Sans attendre, la France et la Grande-Bretagne ont annoncé oeuvrer à des sanctions, la France ayant d’ailleurs immédiatement tenu un conseil de défense et de sécurité nationale avec le président Emmanuel Macron, le ministre de l’Europe et Affaires étrangères Jean-Yves Le Drian, la ministre des Armées Florence Parly, ainsi que le ministre de l’Économie, des Finances et de la Relance Bruno Le Maire.
La superpuissance américaine a instauré immédiatement des représailles économiques contre les « républiques populaires », évacuant vers la Pologne le personnel de l’ambassade américaine en Ukraine de Lviv (à l’ouest du pays) et conseillant au président ukrainien Volodymyr Zelensky d’être prêt à quitter Kiev pour Lviv.

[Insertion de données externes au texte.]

(** Since [(v_i^2)' = k_i v_i dl], the integral defining [w_eps] is a kinetic energy. *)
Lemma kinetic_energy_identity (k1 k2 dl v1 v2 : R -> R) a :
  (forall r, continuity_pt k1 r) -> (forall r, continuity_pt k2 r) ->
  (forall r, continuity_pt dl r) ->
  (forall U, derivable_pt_lim v1 U (/ 2 * k1 U * dl U)) ->
  (forall U, derivable_pt_lim v2 U (/ 2 * k2 U * dl U)) ->
  forall s, RInt (fun r => (k1 r * v1 r + k2 r * v2 r) * dl r) a s
            = v1 s ^ 2 + v2 s ^ 2 - (v1 a ^ 2 + v2 a ^ 2).
Proof.
  intros Hk1 Hk2 Hdl Hv1 Hv2 s.
  set (g := fun r => (k1 r * v1 r + k2 r * v2 r) * dl r).
  assert (Hg : forall r, continuity_pt g r).
  { intros r. pose proof (derivable_pt_lim_continuity_pt _ _ _ (Hv1 r)).
    pose proof (derivable_pt_lim_continuity_pt _ _ _ (Hv2 r)).
    apply continuity_pt_mult; auto.
    apply continuity_pt_plus; apply continuity_pt_mult; auto. }
  assert (Hconst : RInt g a s - (v1 s ^ 2 + v2 s ^ 2) = RInt g a a - (v1 a ^ 2 + v2 a ^ 2));
    [|rewrite RInt_same in Hconst; auto; lra].
  apply (deriv_zero_const (fun t => RInt g a t - (v1 t ^ 2 + v2 t ^ 2))). intros c _.
  apply (derivable_pt_lim_eq _ _ (g c - (2 * v1 c * (/ 2 * k1 c * dl c)
                                         + 2 * v2 c * (/ 2 * k2 c * dl c)))).
  - apply derivable_pt_lim_minus; [apply (derivable_pt_lim_RInt _ Hg)|].
    apply (derivable_pt_lim_plus (fun s => v1 s ^ 2) (fun s => v2 s ^ 2));
      apply derivable_pt_lim_sq; auto.
  - unfold g. field.
Qed.

Lemma dist4_s_eps_le (df1 df2 : R -> R -> R) (delta : R -> R -> R)
  (x1 x2 xd1 xd2 : R -> R -> R -> R -> R) eps M0 C R0 eta theta rho U X1 X2 V :
  0 < eps <= 1 -> cont2 df1 -> cont2 df2 ->
  (forall u, continuity_pt (delta eps) u) -> (forall u, eps < Rabs u -> delta eps u = 0) ->
  RInt (fun u => Rabs (delta eps u)) (- eps) eps <= C ->
  Rabs (RInt (delta eps) (- eps) eps - 1) <= theta ->
  (forall U,
      derivable_pt_lim (fun u => x1 eps X1 X2 u) U (xd1 eps X1 X2 U) /\
      derivable_pt_lim (fun u => x2 eps X1 X2 u) U (xd2 eps X1 X2 U)) ->
  (forall U,
      derivable_pt_lim (fun u => xd1 eps X1 X2 u) U
        (/ 2 * df1 (x1 eps X1 X2 U) (x2 eps X1 X2 U) * delta eps U) /\
      derivable_pt_lim (fun u => xd2 eps X1 X2 u) U
        (/ 2 * df2 (x1 eps X1 X2 U) (x2 eps X1 X2 U) * delta eps U)) /\
    x1 eps X1 X2 (-1) = X1 /\ x2 eps X1 X2 (-1) = X2 /\
    xd1 eps X1 X2 (-1) = 0 /\ xd2 eps X1 X2 (-1) = 0 ->
  Rabs (df1 X1 X2) <= M0 -> Rabs (df2 X1 X2) <= M0 -> 0 <= eta <= 1 ->
  (forall Y1 Y2, Rabs (Y1 - X1) + Rabs (Y2 - X2) < rho ->
     Rabs (df1 Y1 Y2 - df1 X1 X2) < eta /\ Rabs (df2 Y1 Y2 - df2 X1 X2) < eta) ->
  4 * (/ 2 * (M0 + 1) * C) * eps < rho / 2 -> Rabs U <= R0 ->
  dist4 (s_eps df1 df2 delta x1 x2 xd1 xd2 eps (U, X1, X2, V)) (s_lim df1 df2 (U, X1, X2, V))
    <= trajectory_error M0 C R0 eta theta eps.
Proof.
  intros Heps Hc1 Hc2 Hdl Hsupp Hmass Hth Hx [Hv [Hi1 [Hi2 [Hi3 Hi4]]]] HM1 HM2 Heta Hmod
    Hshort HU.
  set (y1 := x1 eps X1 X2). set (y2 := x2 eps X1 X2).
  set (u1 := xd1 eps X1 X2). set (u2 := xd2 eps X1 X2).
  assert (Hx1 : forall U, derivable_pt_lim y1 U (u1 U)) by apply Hx.
  assert (Hx2 : forall U, derivable_pt_lim y2 U (u2 U)) by apply Hx.
  assert (Hv1 : forall U, derivable_pt_lim u1 U (/ 2 * df1 (y1 U) (y2 U) * delta eps U))
    by apply Hv.
  assert (Hv2 : forall U, derivable_pt_lim u2 U (/ 2 * df2 (y1 U) (y2 U) * delta eps U))
    by apply Hv.
  assert (Hsupp' := continuous_zero_outside _ eps Hdl Hsupp).
  assert (Henergy : forall s,
    RInt (fun r => (df1 (y1 r) (y2 r) * u1 r + df2 (y1 r) (y2 r) * u2 r) * delta eps r)
      (- eps) s = u1 s ^ 2 + u2 s ^ 2).
  { intros s. destruct (trajectory_before df1 df2 (delta eps) y1 y2 u1 u2 eps X1 X2 Heps
      Hsupp' Hx1 Hx2 Hv1 Hv2 Hi1 Hi2 Hi3 Hi4 (- eps)) as [Hu1 [Hu2 _]]; [lra|].
    rewrite (kinetic_energy_identity _ _ _ u1 u2); auto; [rewrite Hu1, Hu2; ring | |];
      intros r; apply continuity_pt_cont2; auto;
      eapply derivable_pt_lim_continuity_pt; [apply Hx1 | apply Hx2 | apply Hx1 | apply Hx2]. }
  destruct (trajectory_limit_error df1 df2 (delta eps) y1 y2 u1 u2 eps X1 X2 M0 C eta rho
    Heps Hdl Hsupp' Hmass Hx1 Hx2 Hv1 Hv2 Hi1 Hi2 Hi3 Hi4 HM1 HM2 Heta Hmod Hshort R0 theta U HU Hth)
    as [E1 [E2 E3]].
  unfold s_eps, s_lim, w_eps. fold y1 y2 u1 u2.
  rewrite (functional_extensionality _ _ Henergy).
  apply dist4_le; auto.
  - unfold Rminus; rewrite Rplus_opp_r, Rabs_R0. eapply Rle_trans; [apply Rabs_pos | exact E1].
  - replace (V + RInt (fun s => u1 s ^ 2 + u2 s ^ 2) (- eps) U
              - (V + / 4 * (df1 X1 X2 ^ 2 + df2 X1 X2 ^ 2) * Upos U))
      with (RInt (fun s => u1 s ^ 2 + u2 s ^ 2) (- eps) U
              - / 4 * (df1 X1 X2 ^ 2 + df2 X1 X2 ^ 2) * Upos U) by ring.
    exact E3.
Qed.

(** * Uniformity in [eps] *)

Definition for_small_eps (P : R -> Prop) : Prop :=
  exists e0, 0 < e0 /\ forall eps, 0 < eps <= 1 -> eps <= e0 -> P eps.

Lemma for_small_eps_and (P Q : R -> Prop) :
  for_small_eps P -> for_small_eps Q -> for_small_eps (fun eps => P eps /\ Q eps).
Proof.
  intros [e1 [He1 HP]] [e2 [He2 HQ]]. exists (Rmin e1 e2). split; [apply Rmin_pos; auto|].
  intros eps Heps Hle. pose proof (Rmin_l e1 e2). pose proof (Rmin_r e1 e2).
  split; [apply HP | apply HQ]; auto; lra.
Qed.

Lemma for_small_eps_impl (P Q : R -> Prop) :
  for_small_eps P -> (forall eps, 0 < eps <= 1 -> P eps -> Q eps) -> for_small_eps Q.
Proof. intros [e0 [He0 HP]] HPQ. exists e0. split; auto. Qed.
(* If $\mathcal M'$ is a simple acyclic oriented matroid on a finite set $E$, then there is a total order $<$ of $E$ such that there is a strong map $\mathcal M'\longrightarrow\mathcal M(<)$.
   Context: For a finite set $E$ totally ordered by $<$, $\mathcal M(<)$ is the uniform rank 2 oriented matroid on $E$ whose signed circuits are $(\{e_1,e_3\},\{e_2\})$ and $(\{e_2\},\{e_1,e_3\})$ for $e_1<e_2<e_3$, and whose signed cocircuits are $(\{e':e'<e\},\{e'':e''>e\})$ and its opposite, for $e\in E$. For two oriented matroids $\mathcal M_1,\mathcal M_2$ on the same ground set, a strong map $\mathcal M_1\longrightarrow\mathcal M_2$ exists if every cocircuit of $\mathcal M_2$ is a covector of $\mathcal M_1$ (equivalently, every circuit of $\mathcal M_1$ is a vector of $\mathcal M_2$). *)

From mathcomp Require Import all_boot.
Set Implicit Arguments. Unset Strict Implicit. Unset Printing Implicit Defensive.

Inductive sgn := SZero | SPos | SNeg.

Definition sopp (s : sgn) : sgn :=
  match s with SZero => SZero | SPos => SNeg | SNeg => SPos end.

Section OM.
Variable E : finType.

Definition svec := E -> sgn.
Definition vopp (X : svec) : svec := fun e => sopp (X e).
Definition supp (X : svec) (e : E) : Prop := X e <> SZero.
Definition is_zero (X : svec) : Prop := forall e, X e = SZero.
Definition veq (X Y : svec) : Prop := forall e, X e = Y e.

(* signed circuit axioms (C0)-(C3) of Bjorner et al., "Oriented Matroids" 3.2.1 *)
Definition is_OM_circuits (C : svec -> Prop) : Prop :=
  [/\ (forall X, C X -> ~ is_zero X),
      (forall X, C X -> C (vopp X)),
      (forall X Y, C X -> C Y -> (forall e, supp X e -> supp Y e) ->
          veq X Y \/ veq X (vopp Y)) &
      (forall X Y e, C X -> C Y -> ~ veq X (vopp Y) ->
          X e = SPos -> Y e = SNeg ->
          exists Z, [/\ C Z, Z e = SZero &
            forall f, (Z f = SPos -> X f = SPos \/ Y f = SPos) /\
                      (Z f = SNeg -> X f = SNeg \/ Y f = SNeg)])].

(* simple: no loops (circuits of size 1) and no parallel pairs (size 2) *)
Definition OM_simple (C : svec -> Prop) : Prop :=
  forall X, C X -> ~ (exists e, forall f, supp X f -> f = e) /\
                   ~ (exists e1 e2, forall f, supp X f -> f = e1 \/ f = e2).

(* acyclic: no positive circuit *)
Definition OM_acyclic (C : svec -> Prop) : Prop :=
  forall X, C X -> exists e, X e = SNeg.

Definition orth (X Y : svec) : Prop :=
  (forall e, X e = SZero \/ Y e = SZero) \/
  ((exists e, (X e = SPos /\ Y e = SPos) \/ (X e = SNeg /\ Y e = SNeg)) /\
   (exists f, (X f = SPos /\ Y f = SNeg) \/ (X f = SNeg /\ Y f = SPos))).

Definition OM_covector (C : svec -> Prop) (Y : svec) : Prop :=
  forall X, C X -> orth X Y.

Definition strict_total_order (lt : rel E) : Prop :=
  [/\ (forall x, ~~ lt x x),
      (forall x y z, lt x y -> lt y z -> lt x z) &
      (forall x y, x != y -> lt x y || lt y x)].

Definition Mlt_cocircuit (lt : rel E) (Y : svec) : Prop :=
  exists e, veq Y (fun f => if lt f e then SPos else if lt e f then SNeg else SZero)
         \/ veq Y (fun f => if lt f e then SNeg else if lt e f then SPos else SZero).

Definition strong_map (C1 : svec -> Prop) (cocirc2 : svec -> Prop) : Prop :=
  forall Y, cocirc2 Y -> OM_covector C1 Y.

End OM.

From mathcomp Require Import all_boot.
From Stdlib Require Import Classical.
Set Implicit Arguments. Unset Strict Implicit. Unset Printing Implicit Defensive.

(* A sign vector is a tope when no circuit conforms to it.  Acyclicity makes
   the all-negative vector a tope, and its entries can be made positive one at
   a time through topes: if flipping g is obstructed by a circuit Y, then the
   entry e that can be flipped in the restriction to E \ g can be flipped on E,
   because eliminating g between Y and a circuit X obstructing e (simplicity
   rules out X = -Y) leaves a circuit obstructing either S or the flip of e on
   E \ g.  Ordering E by flipping time, the topes just before and just after
   flipping e agree off e with the cocircuit of M(<) at e, and a circuit X with
   no sign agreement (resp. disagreement) with it would make -X (resp. X)
   conform to one of these two topes. *)

Definition isneg (s : sgn) : bool := if s is SNeg then true else false.

Lemma isnegP (s : sgn) : reflect (s = SNeg) (isneg s).
Proof. by case: s; constructor. Qed.

Lemma eqn_index (T : eqType) (s : seq T) x y :
  x \in s -> y \in s -> (index x s == index y s) = (x == y).
Proof. by move=> xs ys; apply/eqP/eqP => [/(index_inj x xs ys) | ->]. Qed.

Lemma index_strict_total_order (T : finType) (s : seq T) :
  (forall x, x \in s) -> strict_total_order (fun x y => index x s < index y s).
Proof.
move=> s_all; split=> [x | x y z | x y]; [by rewrite ltnn | exact: ltn_trans |].
by rewrite -(eqn_index (s_all x) (s_all y)); case: ltngtP.
Qed.

Section Topes.

Variable E : finType.
Implicit Types (S W X Y Z : svec E) (K : {set E}) (e f g : E) (p s : seq E).

Definition conformal W S := forall f, supp W f -> W f = S f.

Definition upd S e (v : sgn) : svec E := fun f => if f == e then v else S f.

Definition raise S p : svec E := fun f => if f \in p then SPos else S f.

Definition negs K S := [set x in K | isneg (S x)].

Lemma conformal_or_upd W S e :
  S e = SNeg -> (forall f, f != e -> supp W f -> W f = S f) ->
  conformal W S \/ conformal W (upd S e SPos).
Proof.
move=> Se agree; case We: (W e).
- left=> f; case: (eqVneq f e) => [-> | fe]; last exact: agree.
  by rewrite /supp We.
- right=> f; rewrite /upd; case: (eqVneq f e) => [-> _ | fe]; first by rewrite We.
  exact: agree.
- by left=> f; case: (eqVneq f e) => [-> _ | fe]; [rewrite We Se | exact: agree].
Qed.

Lemma orthN X Y : orth X (vopp Y) -> orth X Y.
Proof.
rewrite /orth /vopp => -[disj | [[e He] [f Hf]]].
- by left=> g; case: (disj g) => [-> | ]; [left | case: (Y g); auto].
- right; split; [exists f; move: Hf | exists e; move: He];
    by case: (X _); case: (Y _) => /=; intuition discriminate.
Qed.

Variable C : svec E -> Prop.

(* For S without zeros, [tope_on K S] says that S restricted to K is a tope of
   the restriction to K: no circuit supported in K conforms to S. *)
Definition tope_on K S :=
  forall X, C X -> (forall f, supp X f -> f \in K) -> ~ conformal X S.

Lemma tope_on_ext K S S' : (forall f, S f = S' f) -> tope_on K S -> tope_on K S'.
Proof. by move=> SS' tS X CX XK Xc; apply: (tS X CX XK) => f Xf; rewrite SS' Xc. Qed.

Lemma tope_onS K K' S : K' \subset K -> tope_on K S -> tope_on K' S.
Proof. by move=> sK'K tS X CX XK'; apply: tS CX _ => f /XK' /(subsetP sK'K). Qed.

Hypothesis C_om : is_OM_circuits C.
Hypothesis C_simple : OM_simple C.
Hypothesis C_acyclic : OM_acyclic C.

Lemma tope_on_neg K : tope_on K (fun=> SNeg).
Proof.
case: C_om => _ C_opp _ _ X CX _ Xc.
have [f] := C_acyclic (C_opp X CX); rewrite /vopp.
by case Xf: (X f) (Xc f) => //; rewrite /supp Xf => /(_ _) ->.
Qed.

Lemma circuit_elim X Y e :
  C X -> C Y -> ~ veq X (vopp Y) -> X e = SPos -> Y e = SNeg ->
  exists2 Z, C Z /\ Z e = SZero & forall f, supp Z f -> Z f = X f \/ Z f = Y f.
Proof.
case: C_om => _ _ _ C_elim CX CY XY Xe Ye.
have [Z [CZ Ze Zsign]] := C_elim X Y e CX CY XY Xe Ye.
exists Z => // f; have [Zpos Zneg] := Zsign f.
rewrite /supp; case: (Z f) Zpos Zneg => [_ _ [] // | /(_ erefl) + _ _ | _ /(_ erefl) + _];
  by case=> <-; auto.
Qed.

Lemma tope_exchange K S g e Y :
  tope_on K S -> S g = SNeg -> S e = SNeg -> e != g ->
  tope_on (K :\ g) (upd S e SPos) ->
  C Y -> (forall f, supp Y f -> f \in K) -> conformal Y (upd S g SPos) ->
  tope_on K (upd S e SPos).
Proof.
move=> tS Sg Se eg te CY YK Yc X CX XK Xc.
have XS f : f != e -> supp X f -> X f = S f.
  by move=> fe Xf; rewrite Xc // /upd (negbTE fe).
have YS f : f != g -> supp Y f -> Y f = S f.
  by move=> fg Yf; rewrite Yc // /upd (negbTE fg).
have Yg : Y g = SPos.
  case Yg: (Y g) => //.
  - exfalso; apply: (tS Y CY YK) => f Yf.
    have fg : f != g by apply/eqP=> fg; apply: Yf; rewrite fg.
    exact: YS.
  - by rewrite -Yg Yc /upd ?eqxx // /supp Yg.
case Xg: (X g).
- apply: (te X CX _ Xc) => f Xf; rewrite in_setD1 XK // andbT.
  by apply/eqP=> fg; apply: Xf; rewrite fg.
- by have := XS g; rewrite eq_sym eg /supp Xg Sg => /(_ isT) /(_ ltac:(done)).
have not_opp : ~ veq Y (vopp X).
  move=> YX; apply: (proj2 (C_simple CY)); exists e, g => f Yf.
  case: (eqVneq f e) => [| fe]; first by left.
  case: (eqVneq f g) => [| fg]; first by right.
  have Xf : supp X f by move=> X0; apply: Yf; rewrite YX /vopp X0.
  have Sf : S f <> SZero by rewrite -(YS f fg Yf).
  by move: (YX f) Sf; rewrite /vopp (XS f fe Xf) (YS f fg Yf); case: (S f).
have [Z [CZ Zg] Zsign] := circuit_elim CY CX not_opp Yg Xg.
have ZK f : supp Z f -> f \in K.
  by move=> Zf; case: (Zsign f Zf) => ZE; [apply: YK | apply: XK]; rewrite /supp -ZE.
have ZS f : f != e -> supp Z f -> Z f = S f.
  move=> fe Zf; have fg : f != g by apply/eqP=> fg; apply: Zf; rewrite fg.
  case: (Zsign f Zf) => ZE; rewrite ZE; [apply: YS | apply: XS] => //;
    by rewrite /supp -ZE.
case: (conformal_or_upd Se ZS) => Zc; first exact: (tS Z CZ ZK).
apply: (te Z CZ _ Zc) => f Zf; rewrite in_setD1 ZK // andbT.
by apply/eqP=> fg; apply: Zf; rewrite fg.
Qed.

Lemma tope_flip K S g :
  tope_on K S -> g \in K -> S g = SNeg ->
  exists e, [/\ e \in K, S e = SNeg & tope_on K (upd S e SPos)].
Proof.
have [n] := ubnP #|negs K S|; elim: n => // n IH in K S g *.
rewrite ltnS => le_negs tS gK Sg.
case: (set_0Vmem (negs (K :\ g) S)) => [no_neg | [h]].
  exists g; split=> // X CX XK Xc.
  have [h Xh] := C_acyclic CX.
  have : upd S g SPos h = SNeg by rewrite -Xc // /supp Xh.
  rewrite /upd; case: eqVneq => // hg Sh.
  suff : h \in negs (K :\ g) S by rewrite no_neg inE.
  by rewrite !inE hg XK ?Sh // /supp Xh.
rewrite /negs !inE => /andP[/andP[hg hK] /isnegP Sh].
have lt_negs : #|negs (K :\ g) S| < #|negs K S|.
  have -> : negs (K :\ g) S = negs K S :\ g.
    by apply/setP=> x; rewrite /negs !inE andbA.
  by apply/proper_card/properD1; rewrite /negs inE gK Sg.
have hKg : h \in K :\ g by rewrite in_setD1 hg.
have [e [eKg Se te]] :=
  IH (K :\ g) S h (leq_trans lt_negs le_negs) (tope_onS (subD1set K g) tS) hKg Sh.
move: eKg; rewrite in_setD1 => /andP[eg eK].
case: (classic (tope_on K (upd S g SPos))) => [tg | not_tg]; first by exists g.
have [Y [CY YK Yc]] :
    exists Y, [/\ C Y, forall f, supp Y f -> f \in K & conformal Y (upd S g SPos)].
  by apply: NNPP => noY; apply: not_tg => Y CY YK Yc; apply: noY; exists Y.
by exists e; split=> //; apply: tope_exchange tS Sg Se eg te CY YK Yc.
Qed.

Lemma tope_chain S : tope_on setT S ->
  exists s, (forall x, S x = SNeg -> x \in s) /\
            forall k, tope_on setT (raise S (take k s)).
Proof.
have [n] := ubnP #|negs setT S|; elim: n => // n IH in S *.
rewrite ltnS => le_negs tS.
have raise_nil : tope_on setT (raise S [::]) by apply: tope_on_ext tS.
case: (set_0Vmem (negs setT S)) => [no_neg | [g]].
  exists [::]; split=> [x Sx | k]; last by case: k.
  suff : x \in negs setT S by rewrite no_neg inE.
  by rewrite /negs !inE Sx.
rewrite /negs !inE => /isnegP Sg.
have [e [_ Se te]] := tope_flip tS (in_setT g) Sg.
have lt_negs : #|negs setT (upd S e SPos)| < #|negs setT S|.
  have -> : negs setT (upd S e SPos) = negs setT S :\ e.
    by apply/setP=> x; rewrite /negs /upd !inE; case: eqVneq.
  by apply/proper_card/properD1; rewrite /negs !inE Se.
have [s [s_negs s_topes]] := IH _ (leq_trans lt_negs le_negs) te.
exists (e :: s); split=> [x Sx | [// | k]].
  rewrite inE; case: eqVneq => //= xe.
  by apply: s_negs; rewrite /upd (negbTE xe).
apply: tope_on_ext (s_topes k) => f.
by rewrite /raise /upd /= inE; case: (f == e); case: (f \in take k s).
Qed.

Lemma exists_opposite_sign S e Y W :
  tope_on setT S -> tope_on setT (upd S e SPos) -> S e = SNeg ->
  (forall f, supp S f) -> (forall f, f != e -> Y f = S f) ->
  C W -> exists f, supp W f /\ W f = sopp (Y f).
Proof.
move=> tS tS' Se S_full YS CW; apply: NNPP => no_opp.
have agree f : f != e -> supp W f -> W f = S f.
  move=> fe Wf; rewrite -(YS f fe).
  have Yf : supp Y f by rewrite /supp YS //; apply: S_full.
  have : W f <> sopp (Y f) by move=> WY; apply: no_opp; exists f.
  by move: Wf Yf; rewrite /supp; case: (W f); case: (Y f).
by case: (conformal_or_upd Se agree); [apply: tS | apply: tS'].
Qed.

Lemma orth_of_adjacent_topes S e Y X :
  tope_on setT S -> tope_on setT (upd S e SPos) -> S e = SNeg ->
  (forall f, supp S f) -> (forall f, f != e -> Y f = S f) ->
  C X -> orth X Y.
Proof.
case: C_om => _ C_opp _ _ tS tS' Se S_full YS CX.
have opp := exists_opposite_sign tS tS' Se S_full YS.
right; split.
- have [f [Xf XY]] := opp _ (C_opp _ CX); exists f.
  by move: Xf XY; rewrite /supp /vopp; case: (X f); case: (Y f); auto.
- have [f [Xf XY]] := opp _ CX; exists f.
  by move: Xf XY; rewrite /supp; case: (X f); case: (Y f); auto.
Qed.

Lemma orth_of_chain s e Y X :
  (forall x, x \in s) -> (forall k, tope_on setT (raise (fun=> SNeg) (take k s))) ->
  (forall f, f != e -> Y f = if index f s < index e s then SPos else SNeg) ->
  C X -> orth X Y.
Proof.
move=> s_all s_topes YS CX.
set S := raise (fun=> SNeg) (take (index e s) s).
have S_idx f : S f = if index f s < index e s then SPos else SNeg.
  by rewrite /S /raise in_take.
apply: (@orth_of_adjacent_topes S e Y X (s_topes _) _ _ _ _ CX).
- apply: tope_on_ext (s_topes (index e s).+1) => f.
  rewrite /raise /upd in_take // ltnS leq_eqVlt S_idx eqn_index //.
  by case: eqVneq.
- by rewrite S_idx ltnn.
- by move=> f; rewrite /supp S_idx; case: ifP.
- by move=> f fe; rewrite YS // S_idx.
Qed.

End Topes.

Theorem lemmal (E : finType) (C : svec E -> Prop) :
  is_OM_circuits C -> OM_simple C -> OM_acyclic C ->
  exists lt : rel E, strict_total_order lt /\ strong_map C (Mlt_cocircuit lt).
Proof.
move=> C_om C_simple C_acyclic.
have [s [s_neg s_topes]] :=
  tope_chain C_om C_simple C_acyclic (@tope_on_neg _ _ C_om C_acyclic setT).
have s_all x : x \in s by exact: s_neg.
exists (fun x y => index x s < index y s).
split; first exact: index_strict_total_order.
move=> Y [e Ye] X CX.
have idx_neq f : f != e -> index f s != index e s by rewrite eqn_index.
case: Ye => Ye.
- apply: (orth_of_chain C_om s_all s_topes _ CX) => f fe.
  by rewrite Ye; case: ltngtP (idx_neq f fe).
- apply/orthN/(orth_of_chain C_om s_all s_topes _ CX) => f fe.
  by rewrite /vopp Ye; case: ltngtP (idx_neq f fe).
Qed.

Volodymyr Zelensky a également tenu une brève allocution… à deux heures du matin pour expliquer que la décision russe mettait un terme aux accords de Minsk et ne changeait finalement rien du tout, l’armée ukrainienne veillant à la situation. Plus tard encore dans la nuit, les Nations Unies tenaient un conseil de sécurité d’urgence.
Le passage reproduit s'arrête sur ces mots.